Intro
I have a setup of a client and a server communicating over a TCP connection, and I experience weird latency-behaviour which I cant understand.
Context
The client sends a request message to the server, which responds with a response message to client. I define latency as the time from sending a request message to receipt of a response message. I can send request messages at different rates (throttling the frequency of requests), however I always have at most one outstanding request message at any time. I.e, no concurrent/overlapping request-response message pairs.
I have implemented the sending of request and response message in three ways: first is directly on TCP sockets with my own serialization method etc, second is using gRPC for the communication over RPC using HTTP2, third is using Apache Thrift (an RPC framework similar to gRPC). gRPC is in turn implemented in 4 different client/server types, and for Thrift I have 3 different client/server types.
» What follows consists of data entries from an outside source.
(* Let $\Bbbk$ be a field of characteristic $\ne2$, $V$ a $3$-dimensional vector space over $\Bbbk$, $0\ne q\in\Bbbk$, and let $Y:V^{\otimes2}\to V^{\otimes2}$ be a linear operator with $\mathrm{Im}\,Y\subset\mathrm{Alt}_2$. Then $Y$ satisfies both (A) $Yw=(q+1)w$ for all $w\in\mathrm{Alt}_2$, and (B) $(\mathrm{Id}_V\otimes Y)(Y\otimes\mathrm{Id}_V)w-qw\in\mathrm{Alt}_3$ for all $w\in V\otimes\mathrm{Alt}_2$, if and only if there exist vectors $a,b\in V$ and a symmetric bilinear form $g:V\times V\to\Bbbk$ such that $(q-1)^2=-4\Delta$ with $\Delta=g(a,a)g(b,b)-g(a,b)^2$, and $$Y(xy)=g(x,y)\,a\wedge b+x\wedge Ty+y\wedge Tx+\frac{q+1}{2}\,x\wedge y\qquad(x,y\in V),$$ where $T:V\to V$ is given by $Tv=g(b,v)\,a-g(a,v)\,b$. Moreover, such an operator $Y$ also satisfies $$(\mathrm{Id}_V\otimes Y)(Y\otimes\mathrm{Id}_V)(\mathrm{Id}_V\otimes Y)-q(\mathrm{Id}_V\otimes Y)=(Y\otimes\mathrm{Id}_V)(\mathrm{Id}_V\otimes Y)(Y\otimes\mathrm{Id}_V)-q(Y\otimes\mathrm{Id}_V).$$
   Context: For $x,y,z\in V$ write $xy=x\otimes y$, $xyz=x\otimes y\otimes z$, $x\wedge y=xy-yx$ and $x\wedge y\wedge z=xyz+yzx+zxy-zyx-xzy-yxz$. $\mathrm{Alt}_2=\mathrm{span}\{x\wedge y\}\subset V^{\otimes2}$ (the alternating tensors, dimension 3) and $\mathrm{Alt}_3=\mathrm{span}\{x\wedge y\wedge z\}\subset V^{\otimes 3}$ (dimension 1). *)

From HB Require Import structures.
From mathcomp Require Import all_boot all_order all_algebra.
Set Implicit Arguments. Unset Strict Implicit. Unset Printing Implicit Defensive.
Import Order.TTheory GRing.Theory Num.Theory.
Local Open Scope ring_scope.

(* The 3-dimensional space V is realised as k^3 (row vectors) with its
   standard basis; tensor powers are realised by coordinates. *)
Notation V k := 'rV[k]_3.
Notation T2 k := {ffun 'I_3 * 'I_3 -> k^o}.
Notation T3 k := {ffun 'I_3 * 'I_3 * 'I_3 -> k^o}.

Section Tensors.
Variable k : fieldType.
Local Notation V := (V k).
Local Notation T2 := (T2 k).
Local Notation T3 := (T3 k).

Definition tens2 (x y : V) : T2 := [ffun ij => x ord0 ij.1 * y ord0 ij.2].
Definition tens3 (x y z : V) : T3 :=
  [ffun t => x ord0 t.1.1 * y ord0 t.1.2 * z ord0 t.2].
Definition tens12 (x : V) (u : T2) : T3 := [ffun t => x ord0 t.1.1 * u (t.1.2, t.2)].

Definition wedge2 (x y : V) : T2 := tens2 x y - tens2 y x.
Definition wedge3 (x y z : V) : T3 :=
  tens3 x y z + tens3 y z x + tens3 z x y
  - tens3 z y x - tens3 x z y - tens3 y x z.

Definition Alt2 (w : T2) : Prop :=
  exists n (c : 'I_n -> k) (x y : 'I_n -> V),
    w = \sum_(i < n) c i *: wedge2 (x i) (y i).
Definition Alt3 (w : T3) : Prop :=
  exists n (c : 'I_n -> k) (x y z : 'I_n -> V),
    w = \sum_(i < n) c i *: wedge3 (x i) (y i) (z i).

Definition V_Alt2 (w : T3) : Prop :=
  exists n (x : 'I_n -> V) (u : 'I_n -> T2),
    (forall i, Alt2 (u i)) /\ w = \sum_(i < n) tens12 (x i) (u i).

Definition IdY (Y : T2 -> T2) (w : T3) : T3 :=
  [ffun t => Y [ffun jl : 'I_3 * 'I_3 => w (t.1.1, jl.1, jl.2)] (t.1.2, t.2)].
Definition YId (Y : T2 -> T2) (w : T3) : T3 :=
  [ffun t => Y [ffun ij : 'I_3 * 'I_3 => w (ij.1, ij.2, t.2)] (t.1.1, t.1.2)].

End Tensors.

(* Write [Y (e_i e_j) = *s_ij + h e_i /\ e_j], where [*] is the Hodge star
   identifying [V] with [Alt_2].  As [Im Y] lies in [Alt_2], condition (A) says
   that [h = (q + 1) / 2] and that [s] is an arbitrary symmetric bilinear map
   [V x V -> V].  Condition (B), evaluated on the tensors [e_x (x) *e_m] spanning
   [V (x) Alt_2], is a system of quadratic equations in the 18 numbers [s_ij^m];
   suitable linear combinations of them say that the 3 x 6 matrix
   [P_m(ij) = s_mi^j + s_mj^i] has rank at most one, [P = 2 c (x) G], and that
   [q = h^2 + c^T adj(G) c].  Solving for [s] as one solves for Christoffel
   symbols gives [s_ij^m = c_i G_jm + c_j G_im - c_m G_ij]: this is the formula
   of the theorem for [c = a x b] and [g] the form with Gram matrix [G], and by
   Lagrange's identity [c^T adj(G) c = Delta], so that [q = h^2 + Delta] reads
   [(q - 1)^2 = -4 Delta].  Conversely, for this family (B) and the braid
   relation are polynomial identities in the coordinates; for the braid relation
   it suffices to check one coordinate on basis tensors, since by (B) and its
   mirror image the difference of the two sides lies in [Alt_3]. *)

From HB Require Import structures.
From mathcomp Require Import all_boot all_order all_algebra ring.
Import GRing.Theory.
Set Implicit Arguments. Unset Strict Implicit. Unset Printing Implicit Defensive.
Local Open Scope ring_scope.

Lemma scaleoE (k : fieldType) (c x : k) : c *: (x : k^o) = c * x.
Proof. by []. Qed.

Lemma scale_ffunE (k : fieldType) (T : finType) (f : {ffun T -> k^o}) c t :
  (c *: f) t = c * f t.
Proof. by rewrite ffunE. Qed.

Lemma sub_ffunE (k : fieldType) (T : finType) (f g : {ffun T -> k^o}) t :
  (f - g) t = f t - g t.
Proof. by rewrite !ffunE. Qed.

(* The coordinates of [T2 k] and [T3 k] live in [k^o], which [ring] does not
   recognise as the field [k]. *)
Ltac kring k := rewrite ?scaleoE;
  match goal with |- @eq _ ?a ?b => change (@eq (GRing.Field.sort k) a b); ring end.

Notation i0 := (@Ordinal 3 0 isT).
Notation i1 := (@Ordinal 3 1 isT).
Notation i2 := (@Ordinal 3 2 isT).

Lemma ord3P (P : 'I_3 -> Prop) : P i0 -> P i1 -> P i2 -> forall i, P i.
Proof.
by move=> P0 P1 P2 [[|[|[|m]]] lt_m3] //; rewrite (bool_irrelevance lt_m3 isT).
Qed.

Definition sum3 (R : nmodType) (F : 'I_3 -> R) : R := F i0 + F i1 + F i2.

Lemma big_ord3 (R : nmodType) (F : 'I_3 -> R) : \sum_(i < 3) F i = sum3 F.
Proof.
rewrite !big_ord_recl big_ord0 addr0 addrA /sum3.
by congr (F _ + F _ + F _); apply: val_inj.
Qed.

Lemma eq_sum3 (R : nmodType) (F G : 'I_3 -> R) :
  (forall i, F i = G i) -> sum3 F = sum3 G.
Proof. by move=> FG; rewrite /sum3 !FG. Qed.

(* [cyc1 m, cyc2 m] is the cyclic successor pair of [m], so that
   [e_(cyc1 m) /\ e_(cyc2 m)] is the Hodge dual of [e_m]. *)
Definition cyc1 (m : nat) : 'I_3 := match m with 0%N => i1 | 1%N => i2 | _ => i0 end.
Definition cyc2 (m : nat) : 'I_3 := match m with 0%N => i2 | 1%N => i0 | _ => i1 end.
Definition ord_of (n : nat) : 'I_3 := match n with 0%N => i0 | 1%N => i1 | _ => i2 end.

Section Coordinates.
Variable k : fieldType.

(* Index functions are written by pattern matching on [nat] so that [cbv]
   evaluates them; ordinal arguments are read through [nat_of_ord]. *)
Definition kdelta (i j : nat) : k :=
  match i, j with 0%N, 0%N | 1%N, 1%N | 2%N, 2%N => 1 | _, _ => 0 end.

Definition levi (i j l : 'I_3) : k :=
  match nat_of_ord i, nat_of_ord j, nat_of_ord l with
  | 0%N, 1%N, 2%N | 1%N, 2%N, 0%N | 2%N, 0%N, 1%N => 1
  | 2%N, 1%N, 0%N | 0%N, 2%N, 1%N | 1%N, 0%N, 2%N => -1
  | _, _, _ => 0 end.

Definition hodge (f : nat -> k) (u v : 'I_3) : k :=
  match nat_of_ord u, nat_of_ord v with
  | 1%N, 2%N => f 0%N | 2%N, 1%N => - f 0%N
  | 2%N, 0%N => f 1%N | 0%N, 2%N => - f 1%N
  | 0%N, 1%N => f 2%N | 1%N, 0%N => - f 2%N
  | _, _ => 0 end.

(* A symmetric array indexed by [i, j] is read from its entries with [i <= j]. *)
Definition utri (G : nat -> nat -> k) (i j : nat) : k :=
  match i, j with
  | 1%N, 0%N => G 0%N 1%N | 2%N, 0%N => G 0%N 2%N | 2%N, 1%N => G 1%N 2%N
  | a, b => G a b end.

Definition evec (i : 'I_3) : V k := \row_(j < 3) kdelta i j.

Lemma kdeltaE (i j : 'I_3) : kdelta i j = if i == j then 1 else 0.
Proof. by elim/ord3P: i; elim/ord3P: j. Qed.

Lemma kdeltaC (i j : 'I_3) : kdelta i j = kdelta j i.
Proof. by rewrite !kdeltaE eq_sym. Qed.

Lemma sum_kdelta (F : 'I_3 -> k) (p : 'I_3) : \sum_(c < 3) kdelta c p * F c = F p.
Proof.
rewrite (bigD1 p) //= big1 ?addr0; first by rewrite kdeltaE eqxx mul1r.
by move=> c /negbTE; rewrite kdeltaE => ->; rewrite mul0r.
Qed.

Lemma eq_hodge (f f' : nat -> k) :
  (forall m : 'I_3, f m = f' m) -> hodge f =2 hodge f'.
Proof. by move=> ff' u v; rewrite /hodge (ff' i0) (ff' i1) (ff' i2). Qed.

Lemma hodgeZ (f : nat -> k) a u v : hodge (fun m => f m * a) u v = hodge f u v * a.
Proof.
by rewrite /hodge; case: (nat_of_ord u) => [|[|[|?]]]; case: (nat_of_ord v) => [|[|[|?]]]; ring.
Qed.

Lemma hodge_anti (C : 'I_3 -> 'I_3 -> k) :
  (forall u v, C u v = - C v u) -> (forall u, C u u = 0) ->
  forall u v, hodge (fun m => C (cyc1 m) (cyc2 m)) u v = C u v.
Proof.
move=> Canti Cdiag u v; elim/ord3P: u; elim/ord3P: v; rewrite /hodge /= ?Cdiag //.
all: by rewrite ?[C i2 i1]Canti ?[C i0 i2]Canti ?[C i1 i0]Canti ?opprK.
Qed.

End Coordinates.

Section Tensors.
Variable k : fieldType.

Definition e2 (i j : 'I_3) : T2 k := [ffun p : 'I_3 * 'I_3 => kdelta k p.1 i * kdelta k p.2 j].
Definition e3 (p : 'I_3 * 'I_3 * 'I_3) : T3 k :=
  [ffun t : 'I_3 * 'I_3 * 'I_3 => kdelta k t.1.1 p.1.1 * kdelta k t.1.2 p.1.2 * kdelta k t.2 p.2].
(* [e_x (x) *e_m], where [*e_m = e_(cyc1 m) /\ e_(cyc2 m)]: these span [V (x) Alt_2]. *)
Definition e1hodge (x m : 'I_3) : T3 k :=
  [ffun t : 'I_3 * 'I_3 * 'I_3 => kdelta k t.1.1 x * hodge (kdelta k m) t.1.2 t.2].

Lemma e2_tens i j : e2 i j = tens2 (evec k i) (evec k j).
Proof. by apply/ffunP => [[u v]]; rewrite !ffunE !mxE /= (kdeltaC k u) (kdeltaC k v). Qed.

Lemma e2_wedge i j : e2 i j - e2 j i = wedge2 (evec k i) (evec k j).
Proof. by rewrite /wedge2 -!e2_tens. Qed.

Lemma T2_expansion (w : T2 k) : w = \sum_(i < 3) \sum_(j < 3) w (i, j) *: e2 i j.
Proof.
apply/ffunP => [[u v]]; rewrite sum_ffunE -[LHS](sum_kdelta (fun i => w (i, v))).
apply: eq_bigr => i _; rewrite sum_ffunE -(sum_kdelta (fun j => w (i, j))) mulr_sumr.
by apply: eq_bigr => j _; rewrite scale_ffunE ffunE /= (kdeltaC k u) (kdeltaC k v); kring k.
Qed.

Lemma linear_coordE (Y : {linear T2 k -> T2 k}) w u v :
  Y w (u, v) = \sum_(i < 3) \sum_(j < 3) w (i, j) * Y (e2 i j) (u, v).
Proof.
rewrite {1}(T2_expansion w) linear_sum sum_ffunE; apply: eq_bigr => i _.
by rewrite linear_sum sum_ffunE; apply: eq_bigr => j _; rewrite linearZ scale_ffunE.
Qed.

Lemma T3_expansion (w : T3 k) : w = \sum_p w p *: e3 p.
Proof.
apply/ffunP => t; rewrite sum_ffunE (bigD1 t) //= big1 ?addr0.
  by rewrite scale_ffunE ffunE !kdeltaE !eqxx !mulr1.
move=> [[x y] z]; case: t => [[x' y'] z'] /=.
rewrite !xpair_eqE scale_ffunE ffunE /= (kdeltaC k x') (kdeltaC k y') (kdeltaC k z') !kdeltaE.
by case: eqP => [->|_]; case: eqP => [->|_]; case: eqP => [->|_]; rewrite /= ?(mulr0, mul0r).
Qed.

Lemma Alt2_anti (w : T2 k) : Alt2 w -> forall i j, w (i, j) = - w (j, i).
Proof.
case=> n [c [x [y ->]]] i j; rewrite !sum_ffunE -sumrN.
by apply: eq_bigr => p _; rewrite !ffunE /=; kring k.
Qed.

Lemma Alt2_diag (w : T2 k) : Alt2 w -> forall i, w (i, i) = 0.
Proof.
case=> n [c [x [y ->]]] i; rewrite !sum_ffunE big1 // => p _.
by rewrite !ffunE /=; kring k.
Qed.

Lemma Alt2_wedge (x y : V k) : Alt2 (wedge2 x y).
Proof. by exists 1%N, (fun=> 1), (fun=> x), (fun=> y); rewrite big_ord1 scale1r. Qed.

Lemma Alt2_e2 i j : Alt2 (e2 i j - e2 j i).
Proof. by rewrite e2_wedge; apply: Alt2_wedge. Qed.

Lemma V_Alt2_anti (w : T3 k) : V_Alt2 w -> forall x i j, w (x, i, j) = - w (x, j, i).
Proof.
case=> n [x [u [Au ->]]] y i j; rewrite !sum_ffunE -sumrN.
by apply: eq_bigr => p _; rewrite !ffunE /= (Alt2_anti (Au p)); kring k.
Qed.

Lemma V_Alt2_diag (w : T3 k) : V_Alt2 w -> forall x i, w (x, i, i) = 0.
Proof.
case=> n [x [u [Au ->]]] y i; rewrite !sum_ffunE big1 // => p _.
by rewrite !ffunE /= (Alt2_diag (Au p)) mulr0.
Qed.

Lemma V_Alt2_e1hodge x m : V_Alt2 (e1hodge x m).
Proof.
exists 1%N, (fun=> evec k x), (fun=> wedge2 (evec k (cyc1 m)) (evec k (cyc2 m))).
split=> [_|]; first exact: Alt2_wedge.
rewrite big_ord1; apply/ffunP => [[[c d] f]]; rewrite !ffunE !mxE /= (kdeltaC k c).
congr (_ * _); elim/ord3P: m; elim/ord3P: d; elim/ord3P: f; cbv [hodge kdelta cyc1 cyc2 nat_of_ord]; kring k.
Qed.

Lemma wedge3_levi (x y z : V k) i j l :
  wedge3 x y z (i, j, l) = levi k i j l * wedge3 x y z (i0, i1, i2).
Proof.
rewrite !ffunE /=; elim/ord3P: i; elim/ord3P: j; elim/ord3P: l; cbv [levi nat_of_ord]; kring k.
Qed.

Lemma Alt3P (t : T3 k) :
  Alt3 t <-> forall i j l, t (i, j, l) = levi k i j l * t (i0, i1, i2).
Proof.
split=> [[n [c [x [y [z ->]]]]] i j l | levi_t].
  rewrite !sum_ffunE mulr_sumr; apply: eq_bigr => p _.
  by rewrite !scale_ffunE wedge3_levi; kring k.
exists 1%N, (fun=> t (i0, i1, i2)), (fun=> evec k i0), (fun=> evec k i1), (fun=> evec k i2).
apply/ffunP => [[[i j] l]]; rewrite big_ord1 ffunE levi_t mulrC; congr (_ * _).
rewrite !ffunE !mxE /=; elim/ord3P: i; elim/ord3P: j; elim/ord3P: l; cbv [levi kdelta nat_of_ord]; kring k.
Qed.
In all solutions, I experience a decrease in latency when increasing the sending rate of request messages (In gRPC and Thrift a request-response pair is communicated via an RPC method). The best latency is observed when not throttling the request rate at all, but sending a new request as soon as a response is received. Latency is measured using the std::chrono::steady_clock primitive. I have no idea what's causing this. I make sure to warmup the TCP connection (passing TCP slow start phase) by sending 10k request messages before starting the real testing.
How I implement the throttling and measure latency (on client ofc):
double rate;
std::cout << "Enter rate (requests/second):" << std::endl;
std::cin >> rate;
auto interval = std::chrono::microseconds(1000000)/rate;
//warmup-phase is here, but not included in this code.
auto total_lat = std::chrono::microseconds(0);
auto iter_time = start_time;
int i = 0;
for(i = 0; i < 10000; i++){ // send 10k requests.
iter_time = std::chrono::steady_clock::now();
RequestType request("ABCDEFGHIJKLMNOPQRSTUVWXYZ");
ResponseType response;
auto start = std::chrono::steady_clock::now();
sendRequest(request); //these looks different depending on gRPC/Thrift/"TCP"
receiveResponse(&response);
auto end = std::chrono::steady_clock::now();
auto dur = std::chrono::duration_cast<std::chrono::microseconds>(end-start);
total_lat+=dur;
std::this_thread::sleep_until(iter_time+interval); //throttle the sending..
}
// mean latency: total_lat / i
I run the client/server in separate docker containers using docker-compose, and I also run them in kubernetes cluster. In both cases I experience the same behaviour. I am thinking maybe my throttling/time measureing code is doing stuff that I dont know about/understand.
The TCP sockets are set to TCP_NODELAY in all cases. The servers are single/multithreaded nonblocking/blocking, all kinds of different variations, and the clients are some synchronous, some asynchronous etc. So a lot of variation however the same behavious across them all.
Any ideas out here to what could cause such behaviour?